## [Task statement]
Your task is to print every entry below exactly as given.

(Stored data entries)
▼
Lemma tower_lt_total a b : tower_lt a b \/ a = b \/ tower_lt b a.
Proof.
  destruct (classic (proj1_sig a = proj1_sig b)) as [Eab|Hne].
  - right; left. exact (tower_elt_eq a b Eab).
  - destruct (tower_comparable _ _ (proj2_sig a) (proj2_sig b)) as [Hab|Hba].
    + right; right. split; assumption.
    + left. split; [exact (cl_le_trans L _ _ _ Hba (S_contracting _))|].
      intro E. exact (Hne (eq_sym E)).
Qed.

(* [M] is the least tower element containing every inaccessible one.  Either
   [M] is itself the largest inaccessible element, which is absurd, or all
   inaccessible elements lie below [S M], so [M] is a fixpoint, hence the
   least tower element, and the inaccessible [a] would have to equal it. *)
Lemma tower_lt_wf : well_founded tower_lt.
Proof.
  intro a. apply NNPP. intro Na.
  pose (Inacc := fun b : tower_elt => ~ Acc tower_lt b).
  pose (M := cl_meet L (fun t => tower L S t /\ forall b, Inacc b -> cl_le L (proj1_sig b) t)).
  assert (TM : tower L S M) by (apply tower_meet; intros x [Tx _]; exact Tx).
  assert (HM : forall b, Inacc b -> cl_le L (proj1_sig b) M).
  { intros b Hb. apply cl_meet_glb. intros x [_ Hx]. exact (Hx b Hb). }
  assert (Inacc_eq_M : forall b, Inacc b -> cl_le L M (proj1_sig b) -> b = exist _ M TM).
  { intros b Hb HMb. apply tower_elt_eq, (cl_le_antisym L _ _ (HM b Hb) HMb). }
  destruct (classic (Inacc (exist _ M TM))) as [IM|AM].
  - apply IM. constructor. intros y [Hy Hne]. apply NNPP. intro Iy.
    exact (Hne (cl_le_antisym L _ _ Hy (HM y Iy))).
  - assert (HSM : forall b, Inacc b -> cl_le L (proj1_sig b) (S M)).
    { intros b Hb.
      destruct (tower_comparable M (proj1_sig b) TM (proj2_sig b)) as [HMb|]; [|assumption].
      exfalso. apply AM. now rewrite <- (Inacc_eq_M b Hb HMb). }
    assert (FM : S M = M).
    { apply (cl_le_antisym L _ _ (S_contracting M)), cl_meet_lb.
      split; [exact (tower_step L S M TM)|exact HSM]. }
    apply AM. rewrite <- (Inacc_eq_M a Na); [exact Na|].
    exact (tower_fixpoint_least M TM FM _ (proj2_sig a)).
Qed.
▲
## [Reply]
Lemma tower_lt_total a b : tower_lt a b \/ a = b \/ tower_lt b a.
Proof.
  destruct (classic (proj1_sig a = proj1_sig b)) as [Eab|Hne].
  - right; left. exact (tower_elt_eq a b Eab).
  - destruct (tower_comparable _ _ (proj2_sig a) (proj2_sig b)) as [Hab|Hba].
    + right; right. split; assumption.
    + left. split; [exact (cl_le_trans L _ _ _ Hba (S_contracting _))|].
      intro E. exact (Hne (eq_sym E)).
Qed.

(* [M] is the least tower element containing every inaccessible one.  Either
   [M] is itself the largest inaccessible element, which is absurd, or all
   inaccessible elements lie below [S M], so [M] is a fixpoint, hence the
   least tower element, and the inaccessible [a] would have to equal it. *)
Lemma tower_lt_wf : well_founded tower_lt.
Proof.
  intro a. apply NNPP. intro Na.
  pose (Inacc := fun b : tower_elt => ~ Acc tower_lt b).
  pose (M := cl_meet L (fun t => tower L S t /\ forall b, Inacc b -> cl_le L (proj1_sig b) t)).
  assert (TM : tower L S M) by (apply tower_meet; intros x [Tx _]; exact Tx).
  assert (HM : forall b, Inacc b -> cl_le L (proj1_sig b) M).
  { intros b Hb. apply cl_meet_glb. intros x [_ Hx]. exact (Hx b Hb). }
  assert (Inacc_eq_M : forall b, Inacc b -> cl_le L M (proj1_sig b) -> b = exist _ M TM).
  { intros b Hb HMb. apply tower_elt_eq, (cl_le_antisym L _ _ (HM b Hb) HMb). }
  destruct (classic (Inacc (exist _ M TM))) as [IM|AM].
  - apply IM. constructor. intros y [Hy Hne]. apply NNPP. intro Iy.
    exact (Hne (cl_le_antisym L _ _ Hy (HM y Iy))).
  - assert (HSM : forall b, Inacc b -> cl_le L (proj1_sig b) (S M)).
    { intros b Hb.
      destruct (tower_comparable M (proj1_sig b) TM (proj2_sig b)) as [HMb|]; [|assumption].
      exfalso. apply AM. now rewrite <- (Inacc_eq_M b Hb HMb). }
    assert (FM : S M = M).
    { apply (cl_le_antisym L _ _ (S_contracting M)), cl_meet_lb.
      split; [exact (tower_step L S M TM)|exact HSM]. }
    apply AM. rewrite <- (Inacc_eq_M a Na); [exact Na|].
    exact (tower_fixpoint_least M TM FM _ (proj2_sig a)).
Qed.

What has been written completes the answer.